The habitat
Here is what twenty years of sitting with people taught me. Everybody’s story, when you stay long enough for the real version, is about someone who stayed or someone who left.
The man who built a company — ask on the third session, not the first, and he tells you about a coach in ninth grade. The woman who can’t hold a job — stay past intake and she describes the year every adult disappeared at once. Agency is real. Of course it is. But it is not a possession. It is closer to a living thing that needs a particular habitat.
The individual agency camp says the person is where responsibility lives. The structural determinists say the system is where causation lives. Both are arguing about the wrong unit. The billionaire’s decisions are real. The homeless veteran’s constraints are real.
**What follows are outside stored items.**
(* Fix a dynamic environment and suppose the agent is myopic. For any mechanism $M=(\pi,p)$ that is IC for a myopic agent, there is another mechanism $M'=(\pi',p')$ that is IC for a myopic agent (and is IR whenever $M$ is) such that (i) $u_P^{M'}(\emptyset)\ge u_P^M(\emptyset)$, and (ii) for all $h\in\mathcal H$ and $s\in\mathcal S$, $\pi'(h,s)$ and $p'(h,s)$ depend only on $|h|$, $s_p$, $a_p$ and $s$, where $(s_p,a_p)=\mathrm{last}(h)$. Moreover, this holds regardless of whether payments are allowed and of which IR constraints (none, overall, dynamic) are required.
   Context: A dynamic environment consists of a time horizon $T\in\mathbb N$, a finite state space $\mathcal S$, a finite action space $\mathcal A$, valuation functions $v^P_t,v^A_t:\mathcal S\times\mathcal A\to\mathbb R$ ($t\in[T]$) of the principal and the agent, an initial distribution $P_0\in\Delta(\mathcal S)$, and transition operators $P_t:\mathcal S\times\mathcal A\to\Delta(\mathcal S)$ with $P_t(s,a,s')$ the probability of next state $s'$ after action $a$ in state $s$ at time $t$. For $t\ge1$, $\mathcal H_t$ is the set of sequences $(s_1,a_1,\dots,s_t,a_t)$; $\mathcal H_0=\{\emptyset\}$; $\mathcal H=\bigcup_{t=0}^{T-1}\mathcal H_t$; $h+(s,a)$ appends $(s,a)$; for $h=(s_1,a_1,\dots,s_t,a_t)$, $\mathrm{last}(h)=(s_t,a_t)$, and $\mathrm{last}(\emptyset)$ is an arbitrary fixed state-action pair. A mechanism $M=(\pi,p)$ has $\pi:\mathcal H\times\mathcal S\to\Delta(\mathcal A)$ and payments $p:\mathcal H\times\mathcal S\to\mathbb R$ (agent to principal; $p\equiv0$ if payments are not allowed). Principal's onward utility: $u_P^M(h,s)=\sum_a\pi(h,s,a)\big(v^P_{|h|+1}(s,a)+\sum_{s'}P_{|h|+1}(s,a,s')u_P^M(h+(s,a),s')\big)+p(h,s)$ (zero when $|h|=T$), $u_P^M(\emptyset)=\sum_sP_0(s)u_P^M(\emptyset,s)$. Myopic agent's utility: $u_A^M(h,s)=\sum_a\pi(h,s,a)v^A_{|h|+1}(s,a)-p(h,s)$. A reporting strategy $r:\mathcal H\times\mathcal S\to\mathcal S$ induces for $h=(s_1,a_1,\dots,s_t,a_t)$ the reported history $r(h)=(s'_1,a_1,\dots,s'_t,a_t)$ with $s'_i=r((s_1,a_1,\dots,s_{i-1},a_{i-1}),s_i)$, and $u_A^{M,r}(h,s)=\sum_a\pi(r(h),r(h,s),a)v^A_{|h|+1}(s,a)-p(r(h),r(h,s))$. $M$ is IC for a myopic agent if for all $h\in\mathcal H,s\in\mathcal S$ and every $r$ with $r(h',s')=s'$ whenever $|h'|<|h|$, $u_A^M(h,s)\ge u_A^{M,r}(h,s)$. Overall IR: $\sum_sP_0(s)u_A^M(\emptyset,s)\ge0$; dynamic IR: $u_A^M(h,s)\ge0$ for all $h\in\mathcal H,s\in\mathcal S$. *)

From mathcomp Require Import all_boot all_order all_algebra.
Set Implicit Arguments. Unset Strict Implicit. Unset Printing Implicit Defensive.
Import Order.TTheory GRing.Theory Num.Theory.
Local Open Scope ring_scope.

(* Histories h = (s_1,a_1,...,s_t,a_t) are sequences [:: (s_1,a_1); ...; (s_t,a_t)],
   h + (s,a) is [rcons h (s,a)], |h| is [size h].  Time indices t in [T] are
   1-based: at history h the current period is (size h).+1.
   A mechanism is a pair of functions (pi, p); only their values on
   H = {h | size h < T} matter. *)

Section Dyn.
Variables (R : realFieldType) (S A : finType) (T : nat).
Local Notation hist := (seq (S * A)).
Variables (vP vA : nat -> S -> A -> R) (P0 : S -> R) (Pt : nat -> S -> A -> S -> R).

Definition is_env : Prop :=
  [/\ (forall s, 0 <= P0 s), \sum_s P0 s = 1 &
      forall t s a, (1 <= t <= T)%N ->
        (forall s', 0 <= Pt t s a s') /\ \sum_s' Pt t s a s' = 1].

Definition is_mech (pi : hist -> S -> A -> R) : Prop :=
  forall h s, (size h < T)%N -> (forall a, 0 <= pi h s a) /\ \sum_a pi h s a = 1.

Definition payments_ok (allowed : bool) (p : hist -> S -> R) : Prop :=
  ~~ allowed -> forall h s, (size h < T)%N -> p h s = 0.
But listen past the performance of having it together and you hear the same architecture underneath. The billionaire built everything inside a web of mentors, investors, a spouse who absorbed costs. Remove three and the empire doesn’t exist. The veteran’s web collapsed — the unit disbanded, the VA delayed, the marriage buckled.
His agency didn’t evaporate because he lacked character. It evaporated because agency requires relational infrastructure, and his was destroyed. What conditions make agency possible? Secure attachment produces a nervous system capable of self-regulation. Regulation enables sustained effort. Attachment is not a property of the child. It is a property of the relationship.
Where we concede ground: If agency is always relational, nobody is ever at fault — philosophically coherent and practically monstrous.
What would change our mind: A longitudinal study showing relational quality adds zero predictive power beyond structure and individual capacity.